New data presented at the American Society of Ophthalmic Plastic and Reconstructive Surgery meeting in October, on secondary endpoints including double vision and quality of life, have strengthened Horizon’s cause. Stifel analysts quoted one attendee, who described teprotumumab as “the brightest thing to happen in thyroid eye disease in my entire career”.
However, it might not all be plain sailing for the company. It is unclear whether the FDA will give teprotumumab the green light in mild disease; Optic only enrolled moderate-to-severe patients. Ms Thompson refused to be drawn on this, saying it was up to the agency. As for potential off-label use in mild patients in the event of a narrow approval, she said that physicians would have to make their own decisions here.
Reimbursement could also be an issue: teprotumumab will not immediately have a permanent J-code, which is used for Medicare billing, and might not receive one until early 2021. A spokesperson for Horizon told Vantage that this would not affect the launch; if approved, the company plans to initially commercialise the project using a miscellaneous J-code, which she described as common practice.
Horizon has the resources to launch teprotumumab itself.
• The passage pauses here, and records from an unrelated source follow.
Section TwoColoredSpanningTrees.
Variables (T : finType) (e : rel T) (c : T -> T -> nat).

Lemma proper_sub_neighbours (F : rel T) w a b :
  edge_coloring e c -> symmetric F -> subrel F e -> Defs.proper_sub F c ->
  F w a -> F w b -> a != b -> c w a != c w b.
Proof.
move=> ec symF Fe pr Fwa Fwb ab.
by rewrite (ec _ _ (Fe _ _ Fwa)); apply: pr; rewrite // symF.
Qed.

Lemma two_colored_deg_le2 (F : rel T) w a b d :
  edge_coloring e c -> symmetric F -> subrel F e -> Defs.proper_sub F c ->
  num_colors e c <= 2 -> F w a -> F w b -> F w d -> ~~ uniq [:: a; b; d].
Proof.
move=> ec symF Fe pr nc2 Fwa Fwb Fwd; apply/negP=> /and3P [].
rewrite !inE negb_or => /andP [ab ad] bd _.
have cw := proper_sub_neighbours ec symF Fe pr.
suff : 3 <= num_colors e c by move/leq_trans/(_ nc2).
apply: (@leq_num_colors _ e c [:: c w a; c w b; c w d]).
  by rewrite /= !inE negb_or !cw.
by move=> k; rewrite !inE => /or3P [] /eqP ->; apply/mem_colors/Fe.
Qed.

Lemma spanning_proper_subgraph :
  k_proper_coloring e #|T| c ->
  exists F : rel T,
    [/\ symmetric F, subrel F e, forall x y, connect F x y & Defs.proper_sub F c].
Proof.
case=> _ /(_ setT (cardsT T)) [V [F [sTV [symF FV] [_ [connV _] pr]]]].
have inV x : x \in V by apply: (subsetP sTV); rewrite inE.
by exists F; split=> // [x y /FV [] | x y]; last exact: connV.
Qed.
Lemma powR_tangent_le (a b p : R) : 0 < a -> 0 <= b -> 1 <= p ->
  a `^ p + p * a `^ (p - 1) * (b - a) <= b `^ p.
Proof.
move=> a0 b0 p1; have [<-|p_neq1] := eqVneq 1 p.
  by rewrite subrr powRr0 (powRr1 (ltW a0)) (powRr1 b0); lra.
have p_gt1 : 1 < p by rewrite lt_neqAle p_neq1 p1.
have p0 : 0 < p by lra.
have p1_gt0 : 0 < p - 1 by lra.
(* Young's inequality for [a ^ (p - 1)] and [b] with conjugate exponents [p / (p - 1)] and [p] *)
have conj : (p / (p - 1))^-1 + p^-1 = 1 by rewrite invf_div; field; rewrite gt_eqF.
have := conjugate_powR (powR_ge0 a (p - 1)) b0 (divr_gt0 p0 p1_gt0) p0 conj.
rewrite -powRrM (_ : (p - 1) * (p / (p - 1)) = p); last by field; rewrite gt_eqF.
rewrite -(ler_pM2l p0) (_ : p * (_ + _) = (p - 1) * a `^ p + b `^ p); last first.
  by field; rewrite !gt_eqF.
have <- : a * a `^ (p - 1) = a `^ p by rewrite mulr_powRB1 // ltW.
nra.
Qed.

Lemma powR_norm_tangent_le (a y p : R) : 0 < a -> 1 <= p ->
  a `^ p + p * a `^ (p - 1) * (y - a) <= `|y| `^ p.
Proof.
move=> a0 p1; apply: le_trans _ (powR_tangent_le a0 (normr_ge0 y) p1).
by rewrite lerD2l ler_pM2l ?mulr_gt0 ?powR_gt0 ?lerD2r ?ler_norm //; lra.
Qed.

Lemma normr_sub1_le_powR (y p : R) : 1 <= p -> `|y| - 1 <= `|y| `^ p.
Proof.
move=> p1; have [y1|y1] := leP 1 `|y|.
  by apply: le_trans _ (le1r_powR y1 p1); lra.
by apply: le_trans _ (powR_ge0 _ _); lra.
Qed.

Lemma powR_le1D (t q : R) : 0 <= t -> 0 <= q <= 1 -> t `^ q <= 1 + t.
Proof.
move=> t_ge0 /andP[q0 q1]; have [->|t_neq0] := eqVneq t 0.
  have [->|q_neq0] := eqVneq q 0; first by rewrite powRr0; lra.
  by rewrite powR0 //; lra.
have t0 : 0 < t by rewrite lt_neqAle eq_sym t_neq0.
have [t1|t1] := leP 1 t; first by apply: le_trans (ler1_powR t1 q1) _; lra.
have : t `^ q <= t `^ 0 by apply: ger_powR; rewrite // t0 ltW.
by rewrite powRr0; lra.
Qed.

End real_inequalities.

Section exponential_integrals.
Context {R : realType}.
Notation mu := (@lebesgue_measure R).

Lemma continuous_expRNM (k : R) : continuous (fun y : R => expR (- (k * y))).
Proof.
move=> z; apply: continuous_comp; last exact: continuous_expR.
by apply: (@continuousN _ R^o); apply: continuousM => //; exact: cst_continuous.
Qed.

Lemma measurable_expRNM (k : R) : measurable_fun [set: R] (fun y => expR (- (k * y))).
Proof.
apply: measurableT_comp; first exact: measurable_expR.
by apply: measurableT_comp => //; exact: measurable_funM.
Qed.

Lemma integral_expRNM_itvcy (k a : R) : 0 < k ->
  (\int[mu]_(y in `[a, +oo[) (expR (- (k * y)))%:E = (expR (- (k * a)) / k)%:E)%E.
Proof.
move=> k0.
rewrite (@ge0_continuous_FTC2y _ (fun y => expR (- (k * y)))
  (fun y => - (expR (- (k * y)) / k)) a 0).
- by rewrite -EFinB sub0r opprK.
- by move=> ? ?; exact: expR_ge0.
- exact/continuous_subspaceT/continuous_expRNM.
- rewrite -oppr0; apply: cvgN; rewrite -(mul0r k^-1); apply: cvgMl.
  apply: (@cvg_comp _ _ _ (fun z => k * z) (fun z => expR (- z)) _ (pinfty_nbhs R)).
    exact: gt0_cvgMry.
  exact: cvgr_expR.
- by move=> x _; apply: derivableN; apply: derivableM.
- by apply: cvg_at_right_filter; apply: cvgN; apply: cvgMl; exact: continuous_expRNM.
- move=> x _.
  rewrite (_ : (fun y => - (expR (- (k * y)) / k)) = - (fun y => expR (- (k * y)) * k^-1)) //.
  rewrite derive1N// derive1Mr//.
  rewrite (_ : (fun y => expR (- (k * y))) = expR \o (fun y => - (k * y))) //.
  rewrite derive1_comp// derive1N// derive1Ml// derive1_id derive1E.
  have /funeqP -> := @derive_expR R.
  by field; rewrite gt_eqF.
Qed.

Lemma integral_expRNM_normr (k : R) : 0 < k ->
  (\int[mu]_y (expR (- (k * `|y|)))%:E = (2 / k)%:E)%E.
Proof.
move=> k0; rewrite ge0_symfun_integralT.
- rewrite -set_itvcy.
  under eq_integral => y.
    rewrite inE /= in_itv /= andbT => y0.
    rewrite ger0_norm //.
    over.
  by rewrite integral_expRNM_itvcy // mulr0 oppr0 expR0 -EFinM mul1r.
- by move=> ?; exact: expR_ge0.
- move=> z; apply: continuous_comp; last exact: continuous_expR.
  apply: (@continuousN _ R^o); apply: continuousM; first exact: cst_continuous.
  exact: norm_continuous.
- by move=> y /=; rewrite normrN.
Qed.

Lemma cst_le_integral_itv1 (D : set R) (f : R -> R) (a m : R) :
  measurable D -> `[a, a + 1] `<=` D -> measurable_fun D f ->
  (forall y, D y -> 0 <= f y) -> 0 <= m -> (forall y, a <= y <= a + 1 -> m <= f y) ->
  (m%:E <= \int[mu]_(y in D) (f y)%:E)%E.
Proof.
move=> mD aD mf f0 m0 fm.
apply: (@le_trans _ _ (\int[mu]_(y in `[a, (a + 1)%R]) (f y)%:E)%E); last first.
  apply: ge0_subset_integral => //.
  by apply/measurable_EFinP; exact: mf.
apply: (@le_trans _ _ (\int[mu]_(y in `[a, (a + 1)%R]) (cst m%:E y))%E).
  rewrite integral_cst //= lebesgue_measure_itv /= ifT; last by rewrite lte_fin; lra.
  by rewrite -EFinD -EFinM lee_fin addrAC subrr add0r mulr1.
apply: ge0_le_integral => //.
by apply/measurable_EFinP; exact: measurable_funS mD aD mf.
Qed.

Lemma Gamma_integral_gt0 (q : R) : 0 <= q ->
  (0 < \int[mu]_(t in `]0%R, +oo[) (t `^ q * expR (- t))%:E)%E.
Proof.
move=> q0; apply: (@lt_le_trans _ _ (expR (- 2))%:E); first by rewrite lte_fin expR_gt0.
apply: (@cst_le_integral_itv1 _ (fun t => t `^ q * expR (- t)) 1).
- exact: measurable_itv.
- by move=> t; rewrite /= !in_itv /= andbT => /andP[t1 _]; lra.
- apply: measurable_funTS; apply: measurable_funM; first exact: measurable_powR.
  by apply: measurableT_comp; [exact: measurable_expR|exact: oppr_measurable].
- by move=> t _; rewrite mulr_ge0 ?powR_ge0 ?expR_ge0.
- exact: expR_ge0.
move=> t /andP[t1 t2]; rewrite -[X in X <= _]mul1r ler_pM ?expR_ge0 //.
  by have := @ler_powR R t t1 0 q; rewrite powRr0; apply.
by rewrite ler_expR; lra.
Qed.

Lemma Gamma_integral_le4 (q : R) : 0 <= q <= 1 ->
  (\int[mu]_(t in `]0%R, +oo[) (t `^ q * expR (- t))%:E <= 4%:E)%E.
Proof.
move=> q01.
have mf : measurable_fun [set: R] (fun t : R => t `^ q * expR (- t)).
  apply: measurable_funM; first exact: measurable_powR.
  by apply: measurableT_comp; [exact: measurable_expR|exact: oppr_measurable].
rewrite integral_itv_obnd_cbnd; last exact/measurable_EFinP/measurable_funTS.
apply: (@le_trans _ _ (\int[mu]_(t in `[0%R, +oo[) (2 * expR (- (2^-1 * t)))%:E)%E).
  apply: ge0_le_integral => //.
  - by move=> t _; rewrite lee_fin mulr_ge0 ?powR_ge0 ?expR_ge0.
  - exact/measurable_EFinP/measurable_funTS.
  - apply/measurable_EFinP/measurable_funTS/measurable_funM => //.
    exact: measurable_expRNM.
  move=> t; rewrite /= in_itv /= andbT => t0; rewrite lee_fin.
  (* [t ^ q <= 1 + t <= 2 e ^ (t / 2)] *)
  have h1 := powR_le1D t0 q01.
  have h2 := expR_ge1Dx (t / 2).
  apply: (@le_trans _ _ (2 * expR (t / 2) * expR (- t))).
    by rewrite ler_pM2r ?expR_gt0 //; lra.
  by rewrite -mulrA -expRD ler_pM2l // ler_expR; lra.
under eq_integral => t _ do rewrite EFinM.
rewrite ge0_integralZl_EFin //.
- by rewrite integral_expRNM_itvcy ?mulr0 ?oppr0 ?expR0 -?EFinM ?lee_fin; lra.
- by apply/measurable_EFinP; apply: measurable_funTS; exact: measurable_expRNM.
Qed.

Lemma Gamma_gt0 (s : R) : 1 <= s <= 2 -> 0 < Gamma s.
Proof.
move=> /andP[s1 s2]; have q0 : 0 <= s - 1 by lra.
have := Gamma_integral_gt0 q0.
have q01 : 0 <= s - 1 <= 1 by rewrite q0 /=; lra.
have := Gamma_integral_le4 q01.
by rewrite /Gamma; case: (\int[mu]_(t in _) _)%E.
Qed.

End exponential_integrals.

Section ratio_limits.
Context {R : realType}.

Lemma cvg_ratio1_sandwich (f u : R -> R) :
  (\forall x \near +oo, 0 < u x) ->
  (forall s, 0 < s -> \forall x \near +oo, (1 - s) * u x <= f x <= (1 + s) * u x) ->
  f x / u x @[x --> +oo] --> (1 : R).
Proof.
move=> u_gt0 fu; apply/cvgrPdist_lt => e e0; near=> x.
have ux0 : 0 < u x by near: x.
have /andP[lo hi] : (1 - e / 2) * u x <= f x <= (1 + e / 2) * u x.
  by near: x; apply: fu; rewrite divr_gt0.
have lo' : 1 - e / 2 <= f x / u x by rewrite ler_pdivlMr // mulrC.
have hi' : f x / u x <= 1 + e / 2 by rewrite ler_pdivrMr // mulrC.
by rewrite ltr_norml; apply/andP; split; lra.
Unshelve. all: end_near.
Qed.

Lemma cvg_ratio1_trans (f g u : R -> R) :
  (\forall x \near +oo, u x != 0) ->
  f x / u x @[x --> +oo] --> (1 : R) -> g x / u x @[x --> +oo] --> (1 : R) ->
  f x / g x @[x --> +oo] --> (1 : R).
Proof.
move=> u_neq0 fu gu.
have : (f x / u x) / (g x / u x) @[x --> +oo] --> (1 / 1 : R).
  by apply: cvgM => //; apply: cvgV => //; exact: oner_neq0.
rewrite divr1; apply: cvg_trans; apply: near_eq_cvg; near=> x.
by rewrite invfM invrK [_^-1 * _]mulrC mulrA divfK //; near: x.
Unshelve. all: end_near.
Qed.

End ratio_limits.

Section powR_asymptotics.
Context {R : realType}.
Variable p : R.

Lemma near_pinfty_normr_le_powR (c e : R) : 1 <= p -> 0 < e ->
  \forall x \near +oo, `|c| <= e * x `^ p.
Proof.
move=> p1 e0; near=> x.
have x1 : 1 <= x by near: x; apply: nbhs_pinfty_ge; exact: num_real.
have cx : e^-1 * `|c| <= x by near: x; apply: nbhs_pinfty_ge; exact: num_real.
by rewrite -ler_pdivrMl // (le_trans cx) // le1r_powR.
Unshelve. all: end_near.
Qed.

Lemma near_pinfty_powR_addr1_le (s : R) : 0 <= p -> 0 < s ->
  \forall x \near +oo, (x + 1) `^ p <= (1 + s) * x `^ p.
Proof.
move=> p0 s0; have ls0 : 0 < ln (1 + s) by apply: ln_gt0; lra.
near=> x.
have x1 : 1 <= x by near: x; apply: nbhs_pinfty_ge; exact: num_real.
have px : p / ln (1 + s) <= x by near: x; apply: nbhs_pinfty_ge; exact: num_real.
have x0 : 0 < x by lra.
have xi0 : 0 < x^-1 by rewrite invr_gt0.
have -> : x + 1 = x * (1 + x^-1) by rewrite mulrDr mulr1 mulfV ?gt_eqF.
rewrite powRM ?(ltW x0) //; last by lra.
rewrite mulrC ler_wpM2r ?powR_ge0 // /powR gt_eqF; last by lra.
rewrite -[X in _ <= X]lnK ?posrE; last by lra.
(* [p ln (1 + 1/x) <= p / x <= ln (1 + s)] *)
rewrite ler_expR; apply: (@le_trans _ _ (p * x^-1)).
  by rewrite ler_wpM2l // le_ln1Dx //; lra.
by rewrite ler_pdivrMr // mulrC -ler_pdivrMr.
Unshelve. all: end_near.
Qed.

Lemma near_pinfty_powR_addr1_addr_le (c s : R) : 1 <= p -> 0 < s ->
  \forall x \near +oo, (x + 1) `^ p + c <= (1 + s) * x `^ p.
Proof.
move=> p1 s0; near=> x.
have : (x + 1) `^ p <= (1 + s / 2) * x `^ p.
  by near: x; apply: near_pinfty_powR_addr1_le; rewrite ?divr_gt0 //; lra.
have : `|c| <= s / 2 * x `^ p.
  by near: x; apply: near_pinfty_normr_le_powR; rewrite ?divr_gt0.
have := ler_norm c; lra.
Unshelve. all: end_near.
Qed.

Lemma near_pinfty_powR_subr_ge (c d s : R) : 1 <= p -> d < s ->
  \forall x \near +oo, (1 - s) * x `^ p <= (1 - d) * x `^ p - c.
Proof.
move=> p1 ds; near=> x.
have : `|c| <= (s - d) * x `^ p.
  by near: x; apply: near_pinfty_normr_le_powR; rewrite ?subr_gt0.
have := ler_norm c; lra.
Unshelve. all: end_near.
Qed.

End powR_asymptotics.

Section nu_tail_and_rate_function.
Context {R : realType}.
Notation mu := (@lebesgue_measure R).
Variable p : R.
Hypothesis p_ge1 : 1 <= p.

Definition nu_const : R := (2 * gamma_p p)^-1.

Lemma nu_const_gt0 : 0 < nu_const.
Proof.
have p0 : 0 < p := lt_le_trans ltr01 p_ge1.
have pV0 : 0 <= p^-1 by rewrite invr_ge0 ltW.
have pV1 : p^-1 <= 1 by rewrite invf_le1.
by rewrite invr_gt0 mulr_gt0 // Gamma_gt0 //; apply/andP; split; lra.
Qed.

Lemma nu_densityE y : nu_density p y = nu_const * expR (- (`|y| `^ p)).
Proof. by []. Qed.

Lemma measurable_nu_density : measurable_fun [set: R] (nu_density p).
Proof.
apply: measurable_funM; first exact: measurable_cst.
apply: measurableT_comp; first exact: measurable_expR.
apply: measurableT_comp; first exact: oppr_measurable.
by apply: measurableT_comp (measurable_powR p) _; exact: normr_measurable.
Qed.

Lemma nu_density_ge0 y : 0 <= nu_density p y.
Proof. by rewrite mulr_ge0 ?expR_ge0 // ltW // nu_const_gt0. Qed.

Lemma nu_density_ge y z : `|y| <= z -> nu_const * expR (- z `^ p) <= nu_density p y.
Proof.
move=> yz; rewrite nu_densityE ler_pM2l ?nu_const_gt0 // ler_expR lerN2.
apply: ge0_ler_powR; rewrite ?nnegrE ?(le_trans ler01 p_ge1) ?(le_trans _ yz) //.
Qed.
The company had $866m in cash at the last count and already has a 50-person sales force in place, according to Stifel, although the spokesperson would not confirm this number.
The group's continued transformation depends on it making a success of teprotumumab. Horizon will have to hope that the unmet need will help the project get a broad label and spur strong uptake.
This story has been updated to clarify the difference between thyroid eye disease and Graves'.